Provided data section start

Lemma frontier_children : frontier (children u ++ L).
Proof.
have [Luniq Lred Lanti] := frontier_behead.
have [/andP[uL' _] _ uLanti] := uL.
have uprefix v : v \in L -> prefix u v -> False.
  by move=> vL /uLanti; rewrite mem_head inE vL orbT => /(_ isT isT) uv; rewrite uv vL in uL'.
split.
- rewrite cat_uniq uniq_children Luniq andbT; apply/hasPn => v vL.
  by apply/mapP=> -[l _ vE]; apply: (uprefix v vL); rewrite vE prefix_rcons.
- move=> v; rewrite mem_cat => /orP[|/Lred //].
  by rewrite mem_children => /and3P[-> ->].
move=> v w; rewrite !mem_cat => /orP[/mapP[l _ ->]|vL] /orP[/mapP[l' _ ->]|wL].
- by rewrite prefix_rconsE => /orP[/size_prefix|/eqP]; rewrite ?size_rcons ?ltnn.
- by move=> /(prefix_trans (prefix_rcons u l)) /(uprefix w wL).
- rewrite prefix_rconsE => /orP[vu|/eqP //].
  by have := frontier_not_prefix (v := v); rewrite mem_cat vL orbT vu => /(_ isT).
- exact: Lanti.
Qed.

End Frontier.

Lemma forests_complete L F : forest_on L F -> F \in forests #|` F| L.
Proof.
move: {2 3}#|` F| (erefl #|` F|) => k; elim: k L F => [|k IHk] L F.
  by move=> /cardfs0_eq-> _; rewrite mem_seq1.
elim: L F => [|u L IHL] F cF FL.
  have /fset0Pn[w wF] : F != fset0 by rewrite -cardfs_gt0 cF.
  by have [] := forest_on_root FL wF.
rewrite forests_cons mem_cat; have [uF|uF] := boolP (u \in F); last first.
  apply/orP; left; apply: (IHL F cF) => w wF; have [nw wred] := FL w wF.
  by rewrite inE; case: eqVneq wF uF => [-> ->|].
apply/orP; right; apply/mapP; exists (F `\ u); last by rewrite fsetD1K.
apply: IHk; first by move: cF; rewrite (cardfsD1 u) uF => -[].
move=> w; rewrite in_fsetD1 => /andP[wu wF]; have [nw wred] := FL w wF.
rewrite inE (negPf wu) /= in_fsetD1 mem_cat mem_children nw wred /=.
by case: eqVneq => [|_] //=; rewrite orbT.
Qed.

Lemma forests_sound k L F :
  frontier L -> F \in forests k L -> forest_on L F /\ #|` F| = k.
Proof.
elim: k L F => [|k IHk] L F; first by move=> _; rewrite inE => /eqP->.
elim: L F => [|u L IHL] F // uL.
rewrite forests_cons mem_cat => /orP[/(IHL _ (frontier_behead uL))[FL <-]|].
  by split=> //; apply: forest_on_sub FL => v vL; rewrite inE vL orbT.
case/mapP=> F' /(IHk _ _ (frontier_children uL))[F'L <-] ->.
have uF' : u \notin F' by apply: forest_on_notin F'L _ => v /(frontier_not_prefix uL).
split; last by rewrite cardfsU1 uF'.
move=> w; rewrite in_fset1U => /orP[/eqP->|wF'].
  by have [_ /(_ u (mem_head _ _)) /andP[-> ->] _] := uL; rewrite mem_head.
have [nw wred wroot] := F'L w wF'; split=> //; move: wroot.
rewrite mem_cat inE in_fset1U => /orP[/orP[/mapP[l _ ->]|->]|->]; rewrite ?orbT //.
by rewrite parent_rcons eqxx orbT.
Qed.

Lemma mem_forests k L F :
  frontier L -> F \in forests k L <-> forest_on L F /\ #|` F| = k.
Proof.
by move=> fL; split=> [/(forests_sound fL)|[FL <-]] //; apply: forests_complete.
Qed.

Lemma uniq_forests k L : frontier L -> uniq (forests k L).
Proof.
elim: k L => [|k IHk] L //; elim: L => [|u L IHL] // uL.
have fL := frontier_behead uL; have fcL := frontier_children uL.
have notin_u F : forest_on (children u ++ L) F -> u \notin F.
  by move=> FL; apply: forest_on_notin FL _ => v /(frontier_not_prefix uL).
have Lsub : {subset L <= children u ++ L} by move=> v vL; rewrite mem_cat vL orbT.
rewrite forests_cons cat_uniq IHL // map_inj_in_uniq ?IHk ?andbT //.
  apply/hasPn => _ /mapP[F _ ->]; apply/negP => /(mem_forests _ _ fL)[+ _].
  by move/(forest_on_sub Lsub)/notin_u; rewrite fset1U1.
move=> F G /(mem_forests _ _ fcL)[/notin_u uF _] /(mem_forests _ _ fcL)[/notin_u uG _] /= FG.
by rewrite -(fsetU1K uF) FG fsetU1K.
Qed.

Provided data section end

* Directions for this task
Go through the records and repeat each one exactly as written.

* Output for this exercise
Lemma frontier_children : frontier (children u ++ L).
Proof.
have [Luniq Lred Lanti] := frontier_behead.
have [/andP[uL' _] _ uLanti] := uL.
have uprefix v : v \in L -> prefix u v -> False.
  by move=> vL /uLanti; rewrite mem_head inE vL orbT => /(_ isT isT) uv; rewrite uv vL in uL'.
split.
- rewrite cat_uniq uniq_children Luniq andbT; apply/hasPn => v vL.
  by apply/mapP=> -[l _ vE]; apply: (uprefix v vL); rewrite vE prefix_rcons.
- move=> v; rewrite mem_cat => /orP[|/Lred //].
  by rewrite mem_children => /and3P[-> ->].
move=> v w; rewrite !mem_cat => /orP[/mapP[l _ ->]|vL] /orP[/mapP[l' _ ->]|wL].
- by rewrite prefix_rconsE => /orP[/size_prefix|/eqP]; rewrite ?size_rcons ?ltnn.
- by move=> /(prefix_trans (prefix_rcons u l)) /(uprefix w wL).
- rewrite prefix_rconsE => /orP[vu|/eqP //].
  by have := frontier_not_prefix (v := v); rewrite mem_cat vL orbT vu => /(_ isT).
- exact: Lanti.
Qed.

End Frontier.

Lemma forests_complete L F : forest_on L F -> F \in forests #|` F| L.
Proof.
move: {2 3}#|` F| (erefl #|` F|) => k; elim: k L F => [|k IHk] L F.
  by move=> /cardfs0_eq-> _; rewrite mem_seq1.
elim: L F => [|u L IHL] F cF FL.
  have /fset0Pn[w wF] : F != fset0 by rewrite -cardfs_gt0 cF.
  by have [] := forest_on_root FL wF.
rewrite forests_cons mem_cat; have [uF|uF] := boolP (u \in F); last first.
  apply/orP; left; apply: (IHL F cF) => w wF; have [nw wred] := FL w wF.
  by rewrite inE; case: eqVneq wF uF => [-> ->|].
apply/orP; right; apply/mapP; exists (F `\ u); last by rewrite fsetD1K.
apply: IHk; first by move: cF; rewrite (cardfsD1 u) uF => -[].
move=> w; rewrite in_fsetD1 => /andP[wu wF]; have [nw wred] := FL w wF.
rewrite inE (negPf wu) /= in_fsetD1 mem_cat mem_children nw wred /=.
by case: eqVneq => [|_] //=; rewrite orbT.
Qed.

Lemma forests_sound k L F :
  frontier L -> F \in forests k L -> forest_on L F /\ #|` F| = k.
Proof.
elim: k L F => [|k IHk] L F; first by move=> _; rewrite inE => /eqP->.
elim: L F => [|u L IHL] F // uL.
rewrite forests_cons mem_cat => /orP[/(IHL _ (frontier_behead uL))[FL <-]|].
  by split=> //; apply: forest_on_sub FL => v vL; rewrite inE vL orbT.
case/mapP=> F' /(IHk _ _ (frontier_children uL))[F'L <-] ->.
have uF' : u \notin F' by apply: forest_on_notin F'L _ => v /(frontier_not_prefix uL).
split; last by rewrite cardfsU1 uF'.
move=> w; rewrite in_fset1U => /orP[/eqP->|wF'].
  by have [_ /(_ u (mem_head _ _)) /andP[-> ->] _] := uL; rewrite mem_head.
have [nw wred wroot] := F'L w wF'; split=> //; move: wroot.
rewrite mem_cat inE in_fset1U => /orP[/orP[/mapP[l _ ->]|->]|->]; rewrite ?orbT //.
by rewrite parent_rcons eqxx orbT.
Qed.

Lemma mem_forests k L F :
  frontier L -> F \in forests k L <-> forest_on L F /\ #|` F| = k.
Proof.
by move=> fL; split=> [/(forests_sound fL)|[FL <-]] //; apply: forests_complete.
Qed.

Lemma uniq_forests k L : frontier L -> uniq (forests k L).
Proof.
elim: k L => [|k IHk] L //; elim: L => [|u L IHL] // uL.
have fL := frontier_behead uL; have fcL := frontier_children uL.
have notin_u F : forest_on (children u ++ L) F -> u \notin F.
  by move=> FL; apply: forest_on_notin FL _ => v /(frontier_not_prefix uL).
have Lsub : {subset L <= children u ++ L} by move=> v vL; rewrite mem_cat vL orbT.
rewrite forests_cons cat_uniq IHL // map_inj_in_uniq ?IHk ?andbT //.
  apply/hasPn => _ /mapP[F _ ->]; apply/negP => /(mem_forests _ _ fL)[+ _].
  by move/(forest_on_sub Lsub)/notin_u; rewrite fset1U1.
move=> F G /(mem_forests _ _ fcL)[/notin_u uF _] /(mem_forests _ _ fcL)[/notin_u uG _] /= FG.
by rewrite -(fsetU1K uF) FG fsetU1K.
Qed.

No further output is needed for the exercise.